Codo & Menezes (1999); Fonseca (2001); Sobrinho (2002) e Araújo et al. (2005). Em contrapartida, conforme apresentado no gráfico 1, o custo emocional dos professores que trabalham com o ambiente virtual manifesta-se, particularmente, pela auto- exigência dos professores em manter proximidade com os alunos e pela necessidade de lidar com a diversidade do cotidiano do trabalho, pois são características da organização do trabalho dos docentes virtuais a distância física e o uso de ferramentas de comunicação para realização da mediação pedagógica.

Diante da análise do CHT dos professores virtuais, verifica-se que, mesmo com o alto dispêndio nas esferas física, cognitiva e emocional, imposto pelo contexto de trabalho, os docentes estudados têm conseguido geri-lo por meio de estratégias de mediação individual e coletiva, fundamentalmente, os custos cognitivo e emocional.

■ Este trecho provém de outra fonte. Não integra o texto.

Definition tdeg_mnm (m : 'X_{1..4}) : nat :=
  tdeg (m (inord 0)) (m (inord 1)) (m (inord 2)) (m (inord 3)).

Lemma curve_map_mpolyX (m : 'X_{1..4}) :
  curve_map a d ('X_[m] : {mpoly k[4]}) = 'X^(tdeg_mnm m).
Proof. by rewrite -{1}(mexp_eta m) -mono_mexp curve_map_mono. Qed.

Lemma curve_mapB p q :
  curve_map a d (p - q) = curve_map a d p - curve_map a d q :> {poly k}.
Proof. exact: rmorphB. Qed.

Lemma binomial_kernel e f g h e' f' g' h' : tdeg e f g h = tdeg e' f' g' h' ->
  p4 a d (mono k e f g h - mono k e' f' g' h').
Proof. by move=> eq_deg; rewrite /p4 curve_mapB !curve_map_mono eq_deg subrr. Qed.

Lemma ideal_sub_kernel (hs : seq {mpoly k[4]}) p :
  (forall j, (j < size hs)%N -> p4 a d hs`_j) -> in_ideal hs p -> p4 a d p.
Proof.
move=> hs_ker [c [_ ->]]; rewrite /p4 /curve_map rmorph_sum /= big1 // => i _.
by rewrite rmorphM /= [X in _ * X]hs_ker ?mulr0.
Qed.

End CurveDegree.

Lemma coprime_lin_eq (a d x y x' y' : nat) : coprime a d -> (y < a)%N -> (y' < a)%N ->
  (a * x + d * y = a * x' + d * y')%N -> y = y'.
Proof.
move=> co_ad lt_y lt_y'.
wlog le_yy' : x y x' y' lt_y lt_y' / (y <= y')%N.
  move=> wlog_le eq_xy; case: (leqP y y') => [le|/ltnW le]; first exact: wlog_le eq_xy.
  exact/esym/(wlog_le x' y' x y).
move=> eq_xy; have dvd_a : (a %| y' - y)%N.
  rewrite -(Gauss_dvdr _ co_ad) mulnBr; apply/dvdnP; exists (x - x')%N; rewrite mulnBl; lia.
case: (posnP (y' - y)) => [|pos]; first by lia.
by have := dvdn_leq pos dvd_a; lia.
Qed.

Section StandardMonomials.
Variables (k : fieldType) (a d : nat).
Hypotheses (co_ad : coprime a d) (a_gt0 : (0 < a)%N).

Definition standard (f g h : nat) : bool :=
  [&& (f <= 2)%N, (g <= 1)%N & (f + 3 * g + 6 * h < a)%N].

Definition standard_mnm (m : 'X_{1..4}) : bool :=
  standard (m (inord 1)) (m (inord 2)) (m (inord 3)).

Identifica-se que os professores já apresentam adoecimento físico. Desse modo, observa-se que as estratégias de mediação individual e coletiva não têm obtido sucesso na sua totalidade.

No próximo capítulo, a dinâmica do prazer-sofrimento vivenciado por esses trabalhadores, as estratégias de mediação do sofrimento e os danos físicos e psicossociais advindos das adversidades do contexto de trabalho serão apresentados e discutidos com base no referencial teórico.